Les Versets douloureux Bible, Évangile et Coran entre conflit et dialogue.
David Meyer, Yves Simoens, Soheib Bencheikh Col. L’Autre et les autres, Lessius, 2007, 202 p.
On connaissait les « versets sataniques », voici les “versets douloureux” (rabbin David Meyer) ou les “versets dangereux” (Soheib Bencheikh). De quoi s’agit-il ? De passages des Écritures qui ne sont pas ou plus religieusement corrects et dont les auteurs proposent une réinterprétation. Ces passages de la Bible, du Nouveau Testament ou du Qur’an sont marqués par la violence ou l’incompréhension des autres et ils posent donc question dans le dialogue interreligieux, du moins si ce dialogue n’évite pas les sujets qui fâchent, ainsi que l’entendent David Meyer, Yves Simoens (jésuite, professeur d’Écriture sainte) et Soheib Bencheikh. Bien entendu dans l’interprétation juive de la Bible, les « autres » sont essentiellement représentés par les nations entourant Israël et Juda, mais David Meyer étend son champ d’étude au-delà de la Torah, jusqu’au Talmud.
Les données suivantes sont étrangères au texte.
Lemma Fcoefz_cons q f r : Fcoefz (q :: f) r = (if q.1 == r then q.2.1 else 0) + Fcoefz f r.
Proof. by rewrite /Fcoefz big_cons; case: ifP; rewrite ?add0r. Qed.

Lemma Fcoefz_cat f g r : Fcoefz (f ++ g) r = Fcoefz f r + Fcoefz g r.
Proof. exact: big_cat. Qed.

Lemma Fcoefz_opp f r : Fcoefz (Fopp f) r = - Fcoefz f r.
Proof. by rewrite /Fcoefz big_map sumrN. Qed.

Lemma Fcoefz_scale f a r : Fcoefz (Fscale mul f a) r = Fcoefz f r * a.1.
Proof. by rewrite /Fcoefz big_map mulr_suml. Qed.

Lemma rt_ractDr r : {morph rt_ract mul r : a b / a + b}.
Proof.
move=> a b; rewrite /rt_ract /= mulrzDr (nmulrDr mulR).
by rewrite addrACA.
Qed.

Lemma Feps_cat f g : Feps mul (f ++ g) = Feps mul f + Feps mul g.
Proof. exact: big_cat. Qed.

Lemma Feps_opp f : Feps mul (Fopp f) = - Feps mul f.
Proof.
rewrite /Feps big_map -sumrN; apply: eq_bigr => q _.
exact: (morphN (rt_ractDr q.1)).
Qed.

Lemma Feps_Fcoef f :
  Feps mul f = \sum_(r <- undup (map fst f)) rt_ract mul r (Fcoef f r).
Proof.
rewrite /Feps big_undup_fst; apply: eq_bigr => r _.
rewrite FcoefE (big_morph _ (rt_ractDr r) (morph0 (rt_ractDr r))).
by apply: eq_bigr => q /eqP ->.
Qed.

Lemma Feps_Feq f g : Feq f g -> Feps mul f = Feps mul g.
Proof.
move=> fg; apply/eqP; rewrite -subr_eq0 -Feps_opp -Feps_cat Feps_Fcoef.
by rewrite big1 // => r _; rewrite Fcoef_cat Fcoef_opp fg subrr (morph0 (rt_ractDr r)).
Qed.

End FreeModule.

(** * Tor *)

Section Tor.
Variables (R : zmodType) (mul : R -> R -> R) (N : zmodType) (act : R -> N -> N).
Hypotheses (mulR : nu_ring_axioms mul) (tuR : t_unital mul) (nullN : null_module act).

Local Notation F := (Fel R).
Local Notation K := (Kel mul).
Local Notation "t ≈ u" :=
  (teq (@Kadd R mul) (@Kact R mul) (rt_lact act) t u) (at level 70).
Local Notation teqR := (teq (@zadd R) (zact mul) mul).
Implicit Types (f g : F) (k : K) (x : N).

Lemma rt_mul_pure n s b : rt_mul mul (n, s) (0, b) = (0, b *~ n + mul s b).
Proof. by rewrite /rt_mul /= mulr0 mulr0z addr0. Qed.

Lemma pair0D (b b' : R) : ((0 : int), b + b') = (0, b) + (0, b').
Proof. by congr pair; rewrite addr0. Qed.

Lemma pair0N (b : R) : ((0 : int), - b) = - (0, b).
Proof. by congr pair; rewrite oppr0. Qed.

Lemma Feq_sym f g : Feq f g -> Feq g f.
Proof. by move=> fg r; rewrite fg. Qed.

Lemma Feps_scalez f n : Feps mul (Fscale mul f (n, 0)) = Feps mul f *~ n.
Proof.
rewrite /Feps big_map mulrz_suml; apply: eq_bigr => q _.
rewrite /rt_ract /= mul0rz add0r (nmulr0 mulR) addr0.
by rewrite (morphMz (nmulrDr mulR q.1)) mulrzDl mulrzA.
Qed.

Lemma Kzero_subproof : Feps mul [::] = 0. Proof. exact: big_nil. Qed.
Definition Kzero : K := exist _ [::] Kzero_subproof.

Lemma Kcat_subproof k k' : Feps mul (sval k ++ sval k') = 0.
Proof. by rewrite Feps_cat (proj2_sig k) (proj2_sig k') addr0. Qed.
Definition Kcat k k' : K := exist _ _ (Kcat_subproof k k').

Lemma Kopp_subproof k : Feps mul (Fopp (sval k)) = 0.
Proof. by rewrite (Feps_opp mulR) (proj2_sig k) oppr0. Qed.
Definition Kopp k : K := exist _ _ (Kopp_subproof k).

Lemma Kscalez_subproof k n : Feps mul (Fscale mul (sval k) (n, 0)) = 0.
Proof. by rewrite Feps_scalez (proj2_sig k) mul0rz. Qed.
Definition Kscalez k n : K := exist _ _ (Kscalez_subproof k n).

Lemma pure_Kadd k1 k2 k x :
  Feq (sval k) (sval k1 ++ sval k2) -> tpure k x ≈ tadd (tpure k1 x) (tpure k2 x).
Proof. exact: teq_linl. Qed.

Lemma pure_Kact k a k' x :
  Feq (sval k') (Fscale mul (sval k) a) -> tpure k' x ≈ tpure k (x *~ a.1).
Proof. by move=> kk'; rewrite -(rt_lact_null nullN); apply: teq_bal. Qed.

Lemma pure_Kzero x : tpure Kzero x ≈ tzero.
Proof. by apply: teq_double_eq0; apply: teq_linl. Qed.

Lemma pure_Feq k k' x : Feq (sval k) (sval k') -> tpure k x ≈ tpure k' x.
Proof.
by move=> kk'; rewrite (@pure_Kadd k' Kzero) ?pure_Kzero ?teq_addr0 //= cats0.
Qed.

Definition vanishing x f := forall k, Feq (sval k) f -> tpure k x ≈ tzero.

Lemma vanishing_coef0 x f : Fcoef f =1 (fun=> 0) -> vanishing x f.
Proof.
move=> f0 k kf; rewrite (@pure_Feq k Kzero) ?pure_Kzero //.
by move=> r; rewrite kf f0 Fcoef_nil.
Qed.

Lemma vanishing_Feq x f g : Feq f g -> vanishing x g -> vanishing x f.
Proof. by move=> fg vg k kf; apply: vg => r; rewrite kf fg. Qed.

Lemma vanishing_cat x f g (ef : Feps mul f = 0) (eg : Feps mul g = 0) :
  vanishing x f -> vanishing x g -> vanishing x (f ++ g).
Proof.
move=> vf vg k kfg; rewrite (@pure_Kadd (exist _ f ef) (exist _ g eg) k x kfg).
by rewrite vf ?vg ?teq_add0.
Qed.

Lemma vanishing_opp x f (ef : Feps mul f = 0) : vanishing x f -> vanishing x (Fopp f).
Proof.
move=> vf k kf; rewrite -(pure_Kzero x).
rewrite (@pure_Kadd k (exist _ f ef) Kzero x) ?(vf (exist _ f ef)) ?teq_addr0 //.
by move=> r /=; rewrite Fcoef_nil Fcoef_cat kf Fcoef_opp addNr.
Qed.

Lemma vanishing_scale x f b (ef : Feps mul f = 0) : vanishing x (Fscale mul f (0, b)).
Proof.
by move=> k kf; rewrite (@pure_Kact (exist _ f ef) (0, b) k x kf) mulr0z teq_pure0.
Qed.

Fixpoint Ftensor (t : tterm R R) : F :=
  match t with
  | tzero => [::]
  | tpure a b => [:: (a, (0, b))]
  | tadd t u => Ftensor t ++ Ftensor u
  | topp t => Fopp (Ftensor t)
  end.

Lemma Feps_Ftensor t : Feps mul (Ftensor t) = teval mul t.
Proof.
elim: t => /= [|a b|t IHt u IHu|t IHt]; first exact: big_nil.
- by rewrite /Feps big_seq1 /rt_ract /= mulr0z add0r.
- by rewrite Feps_cat IHt IHu.
- by rewrite (Feps_opp mulR) IHt.
Qed.

Lemma Fcoefz_Ftensor t r : Fcoefz (Ftensor t) r = 0.
Proof.
elim: t => /= [|a b|t IHt u IHu|t IHt].
- by rewrite Fcoefz_nil.
- by rewrite Fcoefz_cons Fcoefz_nil addr0; case: ifP.
- by rewrite Fcoefz_cat IHt IHu addr0.
- by rewrite Fcoefz_opp IHt oppr0.
Qed.

Definition Ftensor_diff t u := Ftensor t ++ Fopp (Ftensor u).

Lemma Fcoef_Ftensor_diff t u r :
  Fcoef (Ftensor_diff t u) r = Fcoef (Ftensor t) r - Fcoef (Ftensor u) r.
Proof. by rewrite Fcoef_cat Fcoef_opp. Qed.

Lemma Feps_Ftensor_diff t u : teqR t u -> Feps mul (Ftensor_diff t u) = 0.
Proof.
by move=> /(teval_teq mulR) tu; rewrite Feps_cat (Feps_opp mulR) !Feps_Ftensor tu subrr.
Qed.

Lemma vanishing_linl x a a' b :
  vanishing x (Ftensor_diff (tpure (a + a') b) (tadd (tpure a b) (tpure a' b))).
Proof.
have e : Feps mul [:: (a + a', (1, 0)); (a, (-1, 0)); (a', (-1, 0))] = 0.
  rewrite /Feps !big_cons big_nil /rt_ract /= !(nmulr0 mulR) mulr1z !mulrN1z !addr0.
  by rewrite -opprD subrr.
apply: (vanishing_Feq _ (@vanishing_scale x _ b e)) => r; congr Fcoef.
by rewrite /= !rt_mul_pure !(nmul0r mulR) !addr0 mulr1z mulrN1z pair0N.
Qed.

Lemma vanishing_bal x a s b :
  vanishing x (Ftensor_diff (tpure (mul a s) b) (tpure a (mul s b))).
Proof.
have e : Feps mul [:: (mul a s, (1, 0)); (a, (0, - s))] = 0.
  rewrite /Feps !big_cons big_nil /rt_ract /= !(nmulr0 mulR) mulr1z mulr0z !addr0.
  by rewrite add0r (nmulrN mulR) subrr.
apply: (vanishing_Feq _ (@vanishing_scale x _ b e)) => r; congr Fcoef.
by rewrite /= !rt_mul_pure (nmul0r mulR) (nmulNr mulR) mulr1z mulr0z !add0r addr0 pair0N.
Qed.

Lemma vanishing_teq x t u : teqR t u -> vanishing x (Ftensor_diff t u).
Proof.
elim=> {t u} [t|t u tu IH|t u v tu IHtu uv IHuv|t t' u u' tt' IHt uu' IHu|t t' tt' IHt|
  t u v|t u|t|t|a a' _ b ->|a b b'|a s _ b ->].
- by apply: vanishing_coef0 => r; rewrite Fcoef_Ftensor_diff subrr.
- apply: (@vanishing_Feq _ _ (Fopp (Ftensor_diff t u))).
    by move=> r; rewrite Fcoef_opp !Fcoef_Ftensor_diff opprB.
  exact: vanishing_opp (Feps_Ftensor_diff tu) IH.
- apply: (@vanishing_Feq _ _ (Ftensor_diff t u ++ Ftensor_diff u v)).
    by move=> r; rewrite Fcoef_cat !Fcoef_Ftensor_diff addrA subrK.
  exact: vanishing_cat (Feps_Ftensor_diff tu) (Feps_Ftensor_diff uv) IHtu IHuv.
- apply: (@vanishing_Feq _ _ (Ftensor_diff t t' ++ Ftensor_diff u u')).
    by move=> r; rewrite Fcoef_cat !Fcoef_Ftensor_diff /= !Fcoef_cat opprD addrACA.
  exact: vanishing_cat (Feps_Ftensor_diff tt') (Feps_Ftensor_diff uu') IHt IHu.
- apply: (@vanishing_Feq _ _ (Fopp (Ftensor_diff t t'))).
    by move=> r; rewrite Fcoef_opp !Fcoef_Ftensor_diff /= !Fcoef_opp opprK opprB addrC.
  exact: vanishing_opp (Feps_Ftensor_diff tt') IHt.
- by apply: vanishing_coef0 => r; rewrite Fcoef_Ftensor_diff /= !Fcoef_cat addrA subrr.
- apply: vanishing_coef0 => r.
  by rewrite Fcoef_Ftensor_diff /= !Fcoef_cat [X in _ - X]addrC subrr.
- by apply: vanishing_coef0 => r; rewrite Fcoef_Ftensor_diff subrr.
- apply: vanishing_coef0 => r.
  by rewrite Fcoef_Ftensor_diff /= Fcoef_cat Fcoef_opp Fcoef_nil addNr subrr.
- exact: vanishing_linl.
- apply: vanishing_coef0 => r; rewrite /Ftensor_diff /= !Fcoef_cons Fcoef_nil.
  by case: ifP => _; rewrite /= ?addr0 // -opprD -pair0D subrr.
- exact: vanishing_bal.
Qed.

Lemma pure_Fcoefz0 k x : Fcoefz (sval k) =1 (fun=> 0) -> tpure k x ≈ tzero.
Proof.
move=> k0; pose t := tsum [seq tpure q.1 q.2.2 | q <- sval k].
have Ft : Feq (Ftensor t) (sval k).
  have -> : Ftensor t = [seq (q.1, (0, q.2.2)) | q <- sval k].
    by rewrite /t; elim: (sval k) => //= q f ->.
  move=> r; rewrite /Fcoef !big_map; congr pair.
  by rewrite big1 // -/(Fcoefz _ r) k0.
have [_ [mul_inj _]] := tuR.
have t0 : teqR t tzero.
  by apply: mul_inj; rewrite -Feps_Ftensor (Feps_Feq mulR Ft) (proj2_sig k).
by apply: (vanishing_teq x t0); rewrite /Ftensor_diff /= cats0; apply: Feq_sym.
Qed.

Fixpoint coords (t : tterm K N) : seq (R * N) :=
  match t with
  | tzero => [::]
  | tpure k x => [seq (q.1, x *~ q.2.1) | q <- sval k]
  | tadd t u => coords t ++ coords u
  | topp t => [seq (q.1, - q.2) | q <- coords t]
  end.

Section Expansion.
Variable kbasis : R -> K.
Hypothesis kbasis_coef : forall r s, Fcoefz (sval (kbasis r)) s = if r == s then 1 else 0.

Lemma pure_kbasis_expand k x :
  tpure k x ≈ tsum [seq tpure (kbasis q.1) (x *~ q.2.1) | q <- sval k].
Proof.
suff expand f k' : Fcoefz (sval k') =1 Fcoefz f ->
    tpure k' x ≈ tsum [seq tpure (kbasis q.1) (x *~ q.2.1) | q <- f] by exact: expand.
elim: f k' => [|q f IHf] k' k'f /=.
  by apply: pure_Fcoefz0 => r; rewrite k'f Fcoefz_nil.
pose kq := Kscalez (kbasis q.1) q.2.1.
rewrite (@pure_Kadd kq (Kcat k' (Kopp kq))); last first.
  by move=> r /=; rewrite !Fcoef_cat Fcoef_opp addrCA subrr addr0.
rewrite (@pure_Kact (kbasis q.1) (q.2.1, 0) kq) // -IHf // => r /=.
rewrite Fcoefz_cat Fcoefz_opp Fcoefz_scale kbasis_coef k'f Fcoefz_cons.
case: (q.1 == r).
  by rewrite mul1r addrAC subrr add0r.
by rewrite mul0r subr0 add0r.
Qed.

Lemma tsum_coords t :
  t ≈ tsum [seq tpure (kbasis q.1) q.2 | q <- coords t].
Proof.
elim: t => [|k x|t IHt u IHu|t IHt] //=.
- by rewrite -map_comp; apply: pure_kbasis_expand.
- by rewrite map_cat tsum_cat -IHt -IHu.
- rewrite {1}IHt tsum_opp -!map_comp.
  by apply: eq_tsum => q _; rewrite /= teq_pureN.
Qed.

End Expansion.

(* [R] acts by zero on [N], so [F ⊗_Rt N ≅ N^(R)]; this is the [r]-th coordinate. *)
Definition Fcoord (r : R) : tterm F N -> N := tfold (fun f x => x *~ Fcoefz f r).

Lemma Fcoord_teq r t u :
  teq (@Fadd R) (Fact mul) (rt_lact act) t u -> Fcoord r t = Fcoord r u.
Proof.
apply: tfold_teq => [f g h x hfg|f x y|f a g x gfa].
- by rewrite (Feq_Fcoefz hfg) Fcoefz_cat mulrzDr.
- exact: mulrzDl.
- by rewrite (Feq_Fcoefz gfa) Fcoefz_scale (rt_lact_null nullN) mulrC mulrzA.
Qed.

Lemma sum_coords t r : \sum_(q <- coords t | q.1 == r) q.2 = Fcoord r (tmap sval t).
Proof.
rewrite /Fcoord tfold_tmap; elim: t => [|k x|t IHt u IHu|t IHt] /=.
- exact: big_nil.
- by rewrite big_map /Fcoefz mulrz_sumr.
- by rewrite big_cat IHt IHu.
- by rewrite big_map sumrN IHt.
Qed.

Lemma Feps_kbasis (t : tterm R R) r :
  teval mul t = r -> Feps mul ((r, (1, 0)) :: Fopp (Ftensor t)) = 0.
Proof.
move=> tr; rewrite /Feps big_cons -/(Feps mul _) (Feps_opp mulR) Feps_Ftensor tr.
by rewrite /rt_ract /= mulr1z (nmulr0 mulR) addr0 subrr.
Qed.

Lemma exists_kbasis : exists kbasis : R -> K,
  forall r s, Fcoefz (sval (kbasis r)) s = if r == s then 1 else 0.
Proof.
have [_ [_ /functional_choice[rep repE]]] := tuR.
exists (fun r => exist (fun f => Feps mul f = 0) _ (Feps_kbasis (repE r))) => r s /=.
by rewrite Fcoefz_cons Fcoefz_opp Fcoefz_Ftensor oppr0 addr0.
Qed.

Lemma Tor1_Rt_zero_null : Tor1_Rt_zero mul act.
Proof.
move=> t tF0; have [kbasis kbasisE] := exists_kbasis.
rewrite (tsum_coords kbasisE t); apply: tsum_grouped_eq0 => r.
by rewrite sum_coords (Fcoord_teq r tF0).
Qed.

End Tor.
Avec les écrits chrétiens il faut y inclure les juifs, mais Yves Simoens se concentre sur l’évangile de Jean. L’islam qui arrive en troisième doit donc se positionner, outre les polythéistes et les juifs, vis-à-vis des chrétiens.
Chacun des auteurs sélectionne donc un certain nombre de passages particulièrement troublants et tente d’en rendre raison. Plus que le traitement précis de ces passages, ce sont les méthodes d’interprétation ici mises en œuvre qui retiennent l’attention. On se doute d’ailleurs qu’elles ont un point commun : le rejet des lectures littéralistes qui feraient justement de ces versets des justifications de la violence ou de l’exclusion. Elles en ont un autre : la nécessité de replacer ces passages d’un texte dans le texte et celui-ci dans son contexte.
Dans le cadre de ce bulletin on portera une attention particulière à la manière dont Soheib Bencheikh aborde sans détours les versets du Qur’an qui récusent la théologie chrétienne “orthodoxe”, en particulier ce qui concerne la Trinité. (p. 149-153) et on soulignera son interprétation du verset 158 de la sourate 4, qui évoque la “mort” de Jésus. En voici la conclusion : « Puisque toutes les âmes sans exception ont goûté la mort, pourquoi s’évertuer à soustraire Jésus à cet ordre ? Alors même que les musulmans affirment l’humanité de Jésus, seraient-ils prêts à lui conférer un autre statut que celui d’humain, envoyé de Dieu ? Il est évident que mon interprétation d’un Jésus mort, ressuscité puis élevé à Dieu, n’efface pas les différences dogmatiques entre l’islam et le christianisme à propos du Christ. » (p. 156) Cependant, non seulement, comme il le dit, cette interprétation pourrait contribuer à apaiser des querelles inutiles mais elle ouvrirait peut-être un chemin nouveau de compréhension de la prétention chrétienne à connaître Dieu à partir de l’humanité du Christ. Une table ronde termine l’ouvrage où les auteurs débattent librement de leur position et de l’actualité.